Yeah, the part# is 1-D-10-T


----------



## AtomicProGS9 (Mar 6, 2006)

are you looking for the lighting panel over the license plate?


----------



## puc (Dec 30, 2005)

*Re: part nr..... (audi403)*

yes, i look for the black plastic plate.
but ill have the nr. from the first model a6, that i can get here in europe.
but the black thing's nr. ill don't can get here.
my friend now's a guy wath works in wolfsburg and he has acces to a lot numbers but no luck.
so us dubfriens need your help http://****************.com/smile/emthup.gif 

@audi403: is that the partnr?? normaly its a lot longer?


----------



## audi403 (Jan 8, 2005)

*Re: part nr..... (puc)*


_Quote, originally posted by *puc* »_yes, i look for the black plastic plate.
but ill have the nr. from the first model a6, that i can get here in europe.
but the black thing's nr. ill don't can get here.
my friend now's a guy wath works in wolfsburg and he has acces to a lot numbers but no luck.
so us dubfriens need your help http://****************.com/smile/emthup.gif 

@audi403: is that the partnr?? normaly its a lot longer?

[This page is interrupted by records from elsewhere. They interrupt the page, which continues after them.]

(* Let $>$ be a $\mathcal B$-compatible reduction order. Every fair and non-failing run $(\mathcal E,\varnothing)\vdash^*_{\mathcal I_B}(\varnothing,\mathcal R)$ for an ES $\mathcal E$ in $\mathcal I_B$ produces a $\mathcal B$-complete presentation of $\mathcal E$: $\leftrightarrow^*_{\mathcal E\cup\mathcal B}=\leftrightarrow^*_{\mathcal R\cup\mathcal B}$, $\mathcal R$ is terminating modulo $\mathcal B$ and Church–Rosser modulo $\mathcal B$.
   Context: Terms over a signature $\mathcal F$ and variables. For a set $\mathcal E$ of pairs of terms (equations and rules read as oriented pairs), $s\to_{\mathcal E}t$ iff $s|_p=\ell\sigma$, $t=s[r\sigma]_p$ for some $(\ell,r)\in\mathcal E$, position $p$, substitution $\sigma$; $\leftarrow$ is the inverse, $\leftrightarrow$ the symmetric closure. $\mathcal B$ is a fixed ES with $\mathrm{Var}(\ell)=\mathrm{Var}(r)$ for all $\ell\approx r\in\mathcal B$; $\sim_{\mathcal B}=\leftrightarrow^*_{\mathcal B}$, $\mathcal B^\pm=\mathcal B\cup\{t\approx s\mid s\approx t\in\mathcal B\}$; $\to_{\mathcal R/\mathcal B}=\sim_{\mathcal B}\cdot\to_{\mathcal R}\cdot\sim_{\mathcal B}$; $s\downarrow^\sim_{\mathcal R}t$ iff $s\to^*_{\mathcal R}\cdot\sim_{\mathcal B}\cdot\leftarrow^*_{\mathcal R}t$. Terminating modulo $\mathcal B$: no infinite $\to_{\mathcal R/\mathcal B}$-sequence; Church–Rosser modulo $\mathcal B$: $\leftrightarrow^*_{\mathcal R\cup\mathcal B}\subseteq\downarrow^\sim_{\mathcal R}$. A $\mathcal B$-compatible reduction order is a well-founded order on terms closed under contexts and substitutions with $\sim_{\mathcal B}\cdot>\cdot\sim_{\mathcal B}\subseteq>$. The inference system $\mathcal I_B$ (parameterized by $>$) on pairs $(\mathcal E,\mathcal R)$ ($\uplus$ disjoint union, $s\approx^\pm t$ means $s\approx t$ or $t\approx s$): Deduce: $(\mathcal E,\mathcal R)\vdash(\mathcal E\cup\{s\approx t\},\mathcal R)$ if $s\leftarrow_{\mathcal R}\cdot\to_{\mathcal R\cup\mathcal B^\pm}t$. Orient: $(\mathcal E\uplus\{s\approx^\pm t\},\mathcal R)\vdash(\mathcal E,\mathcal R\cup\{s\to t\})$ if $s>t$. Delete: $(\mathcal E\uplus\{s\approx t\},\mathcal R)\vdash(\mathcal E,\mathcal R)$ if $s\sim_{\mathcal B}t$. Simplify: $(\mathcal E\uplus\{s\approx^\pm t\},\mathcal R)\vdash(\mathcal E\cup\{u\approx t\},\mathcal R)$ if $s\to_{\mathcal R}u$. Collapse: $(\mathcal E,\mathcal R\uplus\{s\to t\})\vdash(\mathcal E\cup\{u\approx t\},\mathcal R)$ if $s\to_{\mathcal R}u$. Compose: $(\mathcal E,\mathcal R\uplus\{s\to t\})\vdash(\mathcal E,\mathcal R\cup\{s\to u\})$ if $t\to_{\mathcal R}u$. A run for $\mathcal E$ goes from $(\mathcal E_0,\mathcal R_0)=(\mathcal E,\varnothing)$ to $(\mathcal E_n,\mathcal R_n)$; it fails if $\mathcal E_n\ne\varnothing$, and is fair if $\mathcal R_n$ is left-linear and $\mathrm{PCP}(\mathcal R_n)\cup\mathrm{PCP}^\pm(\mathcal R_n,\mathcal B^\pm)\subseteq\ \downarrow^\sim_{\mathcal R_n}\cup\bigcup_{i=0}^n\leftrightarrow_{\mathcal E_i}$. Critical pairs: for sets of oriented pairs $\mathcal R_1,\mathcal R_2$ (equations of $\mathcal B^\pm$ read as oriented pairs), an overlap is $\langle\ell_1\to r_1,p,\ell_2\to r_2\rangle$ with $\ell_i\to r_i$ variants of elements of $\mathcal R_i$ without common variables, $p$ a non-variable position of $\ell_2$, $\ell_1$ and $\ell_2|_p$ unifiable, and the two rules not variants if $p=\epsilon$; with an mgu $\sigma$ it yields the critical pair $\ell_2\sigma[r_1\sigma]_p\approx r_2\sigma$, which is prime if all proper subterms of $\ell_2\sigma|_p$ are normal forms w.r.t. the TRS $\mathcal R$ under consideration. $\mathrm{PCP}(\mathcal R)$: prime critical pairs from overlaps of $\mathcal R$ with itself; $\mathrm{PCP}^\pm(\mathcal R,\mathcal B^\pm)$: prime critical pairs from overlaps between $\mathcal R$ and $\mathcal B^\pm$ in either order. *)

From Stdlib Require Import List Relations.
Import ListNotations.
Set Implicit Arguments.

Section Terms.
Variable F : Type.

(* First-order terms; variables are natural numbers (an infinite supply). *)
Inductive term : Type :=
| Var : nat -> term
| Fun : F -> list term -> term.

(* Sets of pairs of terms (ESs and TRSs, read as oriented pairs). *)
Definition rules := term -> term -> Prop.

Definition empty_rules : rules := fun _ _ => False.
Definition runion (E1 E2 : rules) : rules := fun s t => E1 s t \/ E2 s t.
Definition single (l r : term) : rules := fun s t => s = l /\ t = r.
Definition same (E1 E2 : rules) : Prop := forall s t, E1 s t <-> E2 s t.
Definition sym_rules (E : rules) : rules := fun s t => E s t \/ E t s.

Definition disj_add (E E0 : rules) (l r : term) : Prop :=
  ~ E0 l r /\ same E (runion E0 (single l r)).

Fixpoint subst (sigma : nat -> term) (t : term) : term :=
  match t with
  | Var x => sigma x
  | Fun f ts => Fun f (map (subst sigma) ts)
  end.

Fixpoint vars (t : term) : list nat :=
  match t with
  | Var x => [x]
  | Fun f ts => flat_map vars ts
  end.

Definition pos := list nat.

Fixpoint subterm_at (t : term) (p : pos) : option term :=
  match p with
  | [] => Some t
  | i :: q =>
      match t with
      | Var _ => None
      | Fun f ts =>
          match nth_error ts i with
          | Some u => subterm_at u q
          | None => None
          end
      end
  end.
(* Let $n\ge 3$ and $x\in S_n$ avoid $132$. Then there exists $1\le i\le n-2$ with $|\mathrm{Act}_i(x;132)|=|\mathrm{Act}_{i+1}(x;132)|\le|\mathrm{Act}_{i+2}(x;132)|$ if and only if $x$ contains the bivincular pattern $123^{\star}$.
   Context: For $w=w_1\cdots w_{m}\in S_{m}$ and $1\le i\le m+1$, let $w^i$ be the permutation obtained by inserting $m+1$ immediately before $w_i$ (at the end if $i=m+1$). For a pattern $y$, site $i$ of $w$ is active with respect to $y$ if $w^i$ avoids $y$ (has no subsequence order-isomorphic to $y$). For $x\in S_n$ and $1\le k\le n$, let $\mathrm{small}_k(x)$ be the subsequence of $x$ formed by the entries $1,\dots,k$ (a permutation in $S_k$). For $1\le j\le n$, $\mathrm{Act}_j(x;y)$ is the set of active sites of $\mathrm{small}_{n+1-j}(x)$ with respect to $y$. An occurrence of the bivincular pattern $123^{\star}$ in $x$ is a pair of indices $a<b<n$ with $x_a<x_b$ and $x_{b+1}=x_b+1$. *)

From mathcomp Require Import all_boot.
Set Implicit Arguments. Unset Strict Implicit. Unset Printing Implicit Defensive.

(* Permutations are sequences of naturals; x in S_n means perm_eq x (iota 1 n).
   Positions are 1-based in the paper; nth below is 0-based. *)

Definition is_perm (n : nat) (x : seq nat) : bool := perm_eq x (iota 1 n).

Definition order_iso (s y : seq nat) : bool :=
  (size s == size y) &&
  [forall i : 'I_(size y), forall j : 'I_(size y),
     (nth 0 s i < nth 0 s j) == (nth 0 y i < nth 0 y j)].

Definition contains (w y : seq nat) : bool :=
  [exists m : (size w).-tuple bool, order_iso (mask m w) y].

Definition avoids (w y : seq nat) : bool := ~~ contains w y.

(* w^i : insert (size w).+1 immediately before w_i (1-based); at end if i = m+1 *)
Definition insert_max (w : seq nat) (i : nat) : seq nat :=
  take i.-1 w ++ (size w).+1 :: drop i.-1 w.

Definition active_sites (w y : seq nat) : seq nat :=
  [seq i <- iota 1 (size w).+1 | avoids (insert_max w i) y].

Definition small (k : nat) (x : seq nat) : seq nat := [seq v <- x | v <= k].

Definition nAct (j : nat) (x y : seq nat) : nat :=
  size (active_sites (small ((size x).+1 - j) x) y).

(* occurrence of bivincular 123* : 1-based a < b < n, x_a < x_b, x_{b+1} = x_b + 1 *)
Definition contains_123star (x : seq nat) : Prop :=
  exists a b : nat, a < b /\ b.+1 < size x /\
    nth 0 x a < nth 0 x b /\ nth 0 x b.+1 = (nth 0 x b).+1.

Sorry, I was just joking with you. (1-D-10-T= idiot) Its an old parts joke.
Audi quit making microfiche in 2000, so all I have is A6 98-01. No good for 03


----------



## puc (Dec 30, 2005)

*Re: part nr..... (audi403)*








ahh thats not so good.
ill have the nr.-->4B9-945-695-F-01C this is for a a6 avant before 2002.
now ill have find a nr.-->4B5 945 695 G they say this is from the model after 2002.
but ill buy 3 times the wrong one and ill sell it 3 times.
and i don't want to buy a wrong one again, so guy's help a belgian dude to find the stuff.
i will give you any euro partnr. wath you want.
than you can normaly buy europarts at your audi dealership


----------



## puc (Dec 30, 2005)

*Re: part nr..... (puc)*

nobody can help me??


----------



## puc (Dec 30, 2005)

*Re: part nr..... (puc)*


----------



## alpina5 (Mar 23, 2005)

*Re: part nr..... (puc)*


_Quote, originally posted by *puc* »_nobody can help me??









i got it at work but out a sedan, if u want it let me know, just pay for shipping http://****************.com/smile/emthup.gif


----------



## puc (Dec 30, 2005)

*Re: part nr..... (alpina5)*

thanks, but the sedan dont fit.
i have buy 3 of those things and it was all from the sedan








but can't you find it at the dealership from audi?
when you ask it there the partnr.
it would be a great help


----------



## alpina5 (Mar 23, 2005)

*Re: part nr..... (puc)*

i ll see what i can do during the week


----------



## puc (Dec 30, 2005)

*Re: part nr..... (alpina5)*

thanks dude








when you need a europartnr. just let me now


----------